303. If the acceleration due to gravity becomes \(\frac{g}{4}\) while the same projectile is launched with the same speed and angle on level ground, its horizontal range becomes:
ⓐ. \(\frac{R}{4}\)
ⓑ. \(\frac{R}{2}\)
ⓒ. \(2R\)
ⓓ. \(4R\)
Correct Answer: \(4R\)
Explanation: The same-level range of a projectile is
\[
R=\frac{u^2\sin2\theta}{g}
\]
For the same \(u\) and \(\theta\), the numerator remains unchanged. The range is inversely proportional to \(g\). If \(g\) is replaced by \(\frac{g}{4}\), then the denominator becomes four times smaller. Hence the range becomes four times larger, while the launch speed and direction remain unchanged.

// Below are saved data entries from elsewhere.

(* Let $\xi,\eta,\zeta\colon\mathbb{R}\times(-\infty,\infty]\to\mathbb{R}$ be multiplicity functions, each with finite support avoiding the diagonal $\Delta=\{(x_1,x_2):x_1=x_2\}$. Then: (positivity) $W_1^{\pm}(\xi,\eta)\ge0$, and $W_1^{\pm}(\xi,\eta)>0$ if and only if $\xi\ne\eta$; (symmetry) $W_1^{\pm}(\xi,\eta)=W_1^{\pm}(\eta,\xi)$; (triangle inequality) $W_1^{\pm}(\xi,\eta)+W_1^{\pm}(\eta,\zeta)\ge W_1^{\pm}(\xi,\zeta)$.
   Context: The support of $f$ is the set of points where $f\ne0$. For $x=(x_1,x_2),y=(y_1,y_2)\in\mathbb{R}\times(-\infty,\infty]$ let $\|x-y\|_1=|x_1-y_1|+|x_2-y_2|$ (with $|\infty-\infty|=0$ and $|\infty-a|=\infty$ for real $a$) and $\delta(x)=|x_2-x_1|$. For non-negative $\xi,\eta$ with finite supports, the $1$-Wasserstein distance is $W_1(\xi,\eta)=\inf_{T,X,Y}\big[\sum_{x,y}T(x,y)\|x-y\|_1+\sum_xX(x)\delta(x)+\sum_yY(y)\delta(y)\big]$ over $T\colon\mathrm{supp}\,\xi\times\mathrm{supp}\,\eta\to[0,\infty)$, $X\colon\mathrm{supp}\,\xi\to[0,\infty)$, $Y\colon\mathrm{supp}\,\eta\to[0,\infty)$ with $X(x)+\sum_{y}T(x,y)=\xi(x)$ and $Y(y)+\sum_xT(x,y)=\eta(y)$ for all $x\in\mathrm{supp}\,\xi$, $y\in\mathrm{supp}\,\eta$. For arbitrary $\xi=\xi^+-\xi^-$, $\eta=\eta^+-\eta^-$ with $\xi^\pm,\eta^\pm$ non-negative, the alternating $1$-Wasserstein distance is $W_1^{\pm}(\xi,\eta)=W_1(\xi^++\eta^-,\xi^-+\eta^+)$ (independent of the decomposition). Values $\infty$ are allowed (extended metric). *)

From HB Require Import structures.
From mathcomp Require Import all_boot all_order all_algebra.
From mathcomp Require Import all_classical all_reals.
From mathcomp Require Import ereal.
Set Implicit Arguments. Unset Strict Implicit. Unset Printing Implicit Defensive.
Import Order.TTheory GRing.Theory Num.Theory.
Local Open Scope classical_set_scope.
Local Open Scope ring_scope.

(* Points of R x (-oo, +oo] are encoded as elements of R * \bar R; the value
   -oo of the second coordinate is excluded by hypothesis on the supports. *)
Definition pt (R : realType) := (R * \bar R)%type.

Definition supp (R : realType) (f : pt R -> R) : set (pt R) := [set x | f x != 0].

Definition dist1 (R : realType) (x y : pt R) : \bar R :=
  (`|x.1 - y.1|%:E + match x.2, y.2 with
                      | +oo%E, +oo%E => 0
                      | EFin a, EFin b => `|a - b|%:E
                      | _, _ => +oo
                      end)%E.

Definition delta (R : realType) (x : pt R) : \bar R := `|(x.2 - x.1%:E)%E|%E.

Definition feasible (R : realType) (xi eta : pt R -> R)
    (T : pt R -> pt R -> R) (X Y : pt R -> R) : Prop :=
  (forall x y, x \in supp xi -> y \in supp eta -> 0 <= T x y) /\
  (forall x, x \in supp xi -> 0 <= X x) /\
  (forall y, y \in supp eta -> 0 <= Y y) /\
  (forall x, x \in supp xi -> X x + \sum_(y \in supp eta) T x y = xi x) /\
  (forall y, y \in supp eta -> Y y + \sum_(x \in supp xi) T x y = eta y).

Definition cost (R : realType) (xi eta : pt R -> R)
    (T : pt R -> pt R -> R) (X Y : pt R -> R) : \bar R :=
  (\sum_(x \in supp xi) \sum_(y \in supp eta) ((T x y)%:E * dist1 x y)
   + \sum_(x \in supp xi) ((X x)%:E * delta x)
   + \sum_(y \in supp eta) ((Y y)%:E * delta y))%E.

Definition W1 (R : realType) (xi eta : pt R -> R) : \bar R :=
  ereal_inf [set c | exists T X Y, feasible xi eta T X Y /\ c = cost xi eta T X Y].

Definition posp (R : realType) (f : pt R -> R) : pt R -> R := fun x => Num.max (f x) 0.
Definition negp (R : realType) (f : pt R -> R) : pt R -> R := fun x => Num.max (- f x) 0.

304. Uniform circular motion refers to motion in which a body:
ⓐ. moves in a straight line with constant velocity
ⓑ. moves in a circle with zero acceleration
ⓒ. moves in a circle with constantly increasing speed only
ⓓ. moves in a circle with constant speed
Correct Answer: moves in a circle with constant speed
Explanation: In uniform circular motion, the body follows a circular path with constant speed. The magnitude of velocity remains constant, but the direction of velocity changes continuously. Since velocity is a vector, this change in direction means the velocity is not constant. Therefore, acceleration is present even though the speed does not change. The word “uniform” refers to constant speed, not to constant velocity.

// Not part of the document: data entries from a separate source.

Lemma LgenE d (b : V -> V) (sig : 'I_d -> V -> V) f : Ck 2 f ->
  Lgen b sig f = fun x => \sum_(j < k) b x 0 j * partial f j x + 2^-1 *
    \sum_(l < d) \sum_(j < k) (sig l x 0 j * \sum_(i < k) (sig l x 0 i * partial2 f i j x)).
Proof.
move=> cf; apply: funext => x; rewrite /Lgen.
have df := Ck_differentiable cf; have ddf v := Ck_differentiable (Ck_derive v cf).
congr (_ + 2^-1 * _); first exact: derive_row_delta.
apply: eq_bigr => l _ /=.
under eq_fun do rewrite derive_row_delta //.
rewrite derive_sumZ => [|j]; last exact: diff_derivable.
by apply: eq_bigr => j _; rewrite derive_row_delta.
Qed.

(* The constant that wCk_mul and wCk_sum produce on the coordinate form LgenE. *)
Definition Lgen_const (d n : nat) (Kp : R) : R :=
  k%:R * 2 ^+ n * Kp + 2 ^+ n * 2^-1 * d%:R * (k%:R * 2 ^+ n * Kp) ^+ 2.

Lemma Lgen_const_ge0 d n Kp : 0 <= Kp -> 0 <= Lgen_const d n Kp.
Proof. by move=> Kp0; rewrite addr_ge0 ?mulr_ge0 ?exprn_ge0 ?sqr_ge0 ?invr_ge0. Qed.

Lemma wCk_Lgen d (b : V -> V) (sig : 'I_d -> V -> V) Kp n S beta M f :
  (forall j, wCk S 1 Kp n (fun x => b x 0 j)) ->
  (forall l j, wCk S 1 Kp n (fun x => sig l x 0 j)) ->
  Ck n.+2 f -> wboundedR S beta M n.+2 f ->
  wCk S beta (Lgen_const d n Kp * M) n (Lgen b sig f).
Proof.
move=> Hb Hs cf bf; rewrite (LgenE _ _ (Ck_le (isT : (2 <= n.+2)%N) cf)).
have D1 j : wCk S (beta - 1) M n (partial f j).
  split; first exact: CkW (Ck_derive _ cf).
  exact: wbounded_le (leqnSn _) (wbounded_derive bf (enorm_delta_le1 j)).
have D2 i j : wCk S (beta - 1 - 1) M n (partial2 f i j).
  split; first exact: Ck_derive (Ck_derive _ cf).
  exact: wbounded_derive (wbounded_derive bf (enorm_delta_le1 j)) (enorm_delta_le1 i).
have T1 := wCk_sum (fun j => wCk_mul (Hb j) (D1 j)).
have T2 := wCk_mul (wCk_cst S n 2^-1) (wCk_sum (fun l => wCk_sum (fun j =>
  wCk_mul (Hs l j) (wCk_sum (fun i => wCk_mul (Hs l i) (D2 i j)))))).
rewrite (_ : 1 + (beta - 1) = beta) in T1; last lra.
rewrite (_ : 0 + (1 + (1 + (beta - 1 - 1))) = beta) in T2; last lra.
rewrite (_ : Lgen_const d n Kp * M = k%:R * (2 ^+ n * (Kp * M)) + 2 ^+ n * (`|2^-1| *
  (d%:R * (k%:R * (2 ^+ n * (Kp * (k%:R * (2 ^+ n * (Kp * M))))))))); last first.
  by rewrite /Lgen_const ger0_norm ?invr_ge0 //; ring.
exact: wCk_add T1 T2.
Qed.

Lemma Dnorm_ge_iderive (W : normedModType R) (nW : W -> R) (f : V -> W) hs x :
  all (fun h => enorm h <= 1) hs -> ((nW (iderive f hs x))%:E <= Dnorm nW (size hs) f x)%E.
Proof. by move=> hu; apply: ereal_sup_ubound; exists hs. Qed.

Lemma wbounded_Dnorm (W : normedModType R) (nW : W -> R) S beta M n g j x :
  wbounded nW S beta M n g -> (j <= n)%N -> S x ->
  (Dnorm nW j g x <= (M * wgt (beta - j%:R) x)%:E)%E.
Proof.
move=> H jn Sx; apply/ereal_supP => _ [hs [hsj hu] <-].
by rewrite lee_fin; subst j; exact: H.
Qed.

Lemma wbounded_wnorm_le beta M n g :
  wboundedR setT beta M n g -> (wnorm beta n g <= M%:E)%E.
Proof.
move=> H; apply/ereal_supP => _ [j [x [jn ->]]].
have wj := wgt_gt0 (beta - j%:R) x.
apply: le_trans (lee_wpmul2r _ (wbounded_Dnorm H jn (I : setT x))) _.
  by rewrite lee_fin invr_ge0 ltW.
by rewrite -EFinM lee_fin mulfK // gt_eqF.
Qed.

Lemma wnorm_ge_iderive beta n (f : V -> R) hs x : (size hs <= n)%N ->
  all (fun h => enorm h <= 1) hs ->
  ((`|iderive f hs x| / wgt (beta - (size hs)%:R) x)%:E <= wnorm beta n f)%E.
Proof.
move=> hn hu; rewrite EFinM.
apply: le_trans (lee_wpmul2r _ (Dnorm_ge_iderive Num.norm f x hu)) _.
  by rewrite lee_fin invr_ge0 wgt_ge0.
by apply: ereal_sup_ubound; exists (size hs), x.
Qed.

Lemma wnorm_ge0 beta n (f : V -> R) : (0 <= wnorm beta n f)%E.
Proof.
apply: le_trans (@wnorm_ge_iderive beta n f [::] 0 (leq0n n) isT).
by rewrite lee_fin divr_ge0 ?wgt_ge0.
Qed.

Lemma wnorm_fin_num beta n (f : V -> R) :
  (wnorm beta n f < +oo)%E -> wnorm beta n f \is a fin_num.
Proof. by rewrite ge0_fin_numE ?wnorm_ge0. Qed.

Lemma wnorm_wbounded beta n (f : V -> R) : (wnorm beta n f < +oo)%E ->
  wboundedR setT beta (fine (wnorm beta n f)) n f.
Proof.
move=> /wnorm_fin_num fW hs x hn hu _.
by rewrite -ler_pdivrMr ?wgt_gt0 // -lee_fin fineK // wnorm_ge_iderive.
Qed.

Lemma decay_wbounded n beta (f : V -> R) eps :
  (forall j, (j <= n)%N -> forall eps, 0 < eps -> exists M : R, forall x : V,
     M <= enorm x -> (Dnorm Num.norm j f x <= (eps * wgt (beta - j%:R) x)%:E)%E) ->
  0 < eps -> exists M0, wboundedR [set x | M0 <= enorm x] beta eps n f.
Proof.
move=> dec e0.
suff [M0 HM0] : exists M0, forall j, (j <= n)%N -> forall x : V, M0 <= enorm x ->
    (Dnorm Num.norm j f x <= (eps * wgt (beta - j%:R) x)%:E)%E.
  exists M0 => hs x hn hu Sx; rewrite -lee_fin.
  exact: le_trans (Dnorm_ge_iderive _ _ _ hu) (HM0 _ hn _ Sx).
elim: n dec => [|n IH] dec.
  have [M HM] := dec 0%N (leqnn 0) eps e0.
  by exists M => j; rewrite leqn0 => /eqP ->.
have [M1 HM1] := IH (fun j jn => dec j (leqW jn)).
have [M2 HM2] := dec n.+1 (leqnn _) eps e0.
exists (Num.max M1 M2) => j; rewrite leq_eqVlt => /orP[/eqP -> | jn] x;
  rewrite ge_max => /andP[h1 h2]; [exact: HM2 | exact: HM1].
Qed.

Lemma WRcoef_wCk r K (s : V -> V) n S j : WRcoef r K s -> (n <= r + 4)%N ->
  wCk S 1 `|K| n (fun x => s x 0 j).
Proof.
move=> [cs [bs _]] nr; have csn := Ck_le nr cs.
split; first exact: Ck_coord.
apply: wbounded_coord => // hs x hn hu _.
have := le_trans (Dnorm_ge_iderive (@enorm R k) s x hu) (bs (size hs) x (leq_trans hn nr)).
by rewrite lee_fin => /le_trans; apply; rewrite ler_wpM2r ?wgt_ge0 ?ler_norm.
Qed.

Section Generator.
Variables (d r : nat) (K : R) (b : V -> V) (sig : 'I_d -> V -> V).
Hypotheses (WRb : WRcoef r K b) (WRsig : forall l, WRcoef r K (sig l)).
Local Notation L := (Lgen b sig).
Local Notation c n := (Lgen_const d n `|K|).

Lemma wCk_Lgen_WR n S beta M f : (n <= r + 2)%N ->
  Ck (n + 2) f -> wboundedR S beta M (n + 2) f -> wCk S beta (c n * M) n (L f).
Proof.
move=> nr; have nr4 : (n <= r + 4)%N by apply: leq_trans nr _; rewrite leq_add2l.
rewrite addn2; apply: wCk_Lgen => [j|l j]; exact: WRcoef_wCk nr4.
Qed.

Lemma wnorm_Lgen_le alpha n f : (n <= r + 2)%N ->
  Ck (n + 2) f -> (wnorm alpha (n + 2) f < +oo)%E ->
  Ck n (L f) /\ (wnorm alpha n (L f) <= (c n)%:E * wnorm alpha (n + 2) f)%E.
Proof.
move=> nr cf fin; have [cL bL] := wCk_Lgen_WR nr cf (wnorm_wbounded fin).
split=> //; apply: le_trans (wbounded_wnorm_le bL) _.
by rewrite EFinM fineK // wnorm_fin_num.
Qed.

Lemma wnorm_Lgen_lt_pinfty alpha n f : (n <= r + 2)%N ->
  Ck (n + 2) f -> (wnorm alpha (n + 2) f < +oo)%E -> (wnorm alpha n (L f) < +oo)%E.
Proof.
move=> nr cf fin; have [_ bL] := wnorm_Lgen_le nr cf fin.
by apply: le_lt_trans bL _; rewrite -(fineK (wnorm_fin_num fin)) -EFinM ltry.
Qed.

Lemma Cspace_Lgen alpha n f : (n <= r + 2)%N ->
  Cspace alpha (n + 2) f -> Cspace alpha n (L f).
Proof.
move=> nr [cf [fin dec]]; split; first by case: (wnorm_Lgen_le nr cf fin).
split; first exact: wnorm_Lgen_lt_pinfty.
move=> j jn eps e0.
have cS_gt0 : 0 < c n + 1 by rewrite ltr_wpDl ?Lgen_const_ge0.
have [M0 BM] := decay_wbounded dec (divr_gt0 e0 cS_gt0).
have [_ bM] := wCk_Lgen_WR nr cf BM.
exists M0 => x hx; apply: le_trans (wbounded_Dnorm bM jn hx) _.
rewrite lee_fin ler_wpM2r ?wgt_ge0 // mulrA ler_pdivrMr //.
by have := Lgen_const_ge0 d n (normr_ge0 K); nra.
Qed.

End Generator.
End WeightedBounds.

305. For a body moving uniformly in a circular path, the instantaneous velocity is directed:
ⓐ. along the radius toward the centre
ⓑ. tangent to the circle at that point
ⓒ. away from the centre along the radius
ⓓ. opposite to the acceleration at every point
Correct Answer: tangent to the circle at that point
Explanation: Instantaneous velocity is always along the tangent to the path. For circular motion, the tangent at any point is perpendicular to the radius at that point. The body is not moving along the radius; it is moving around the circle. The acceleration in uniform circular motion is directed toward the centre, while velocity is tangential. This perpendicular relation is why the speed can remain constant while direction keeps changing.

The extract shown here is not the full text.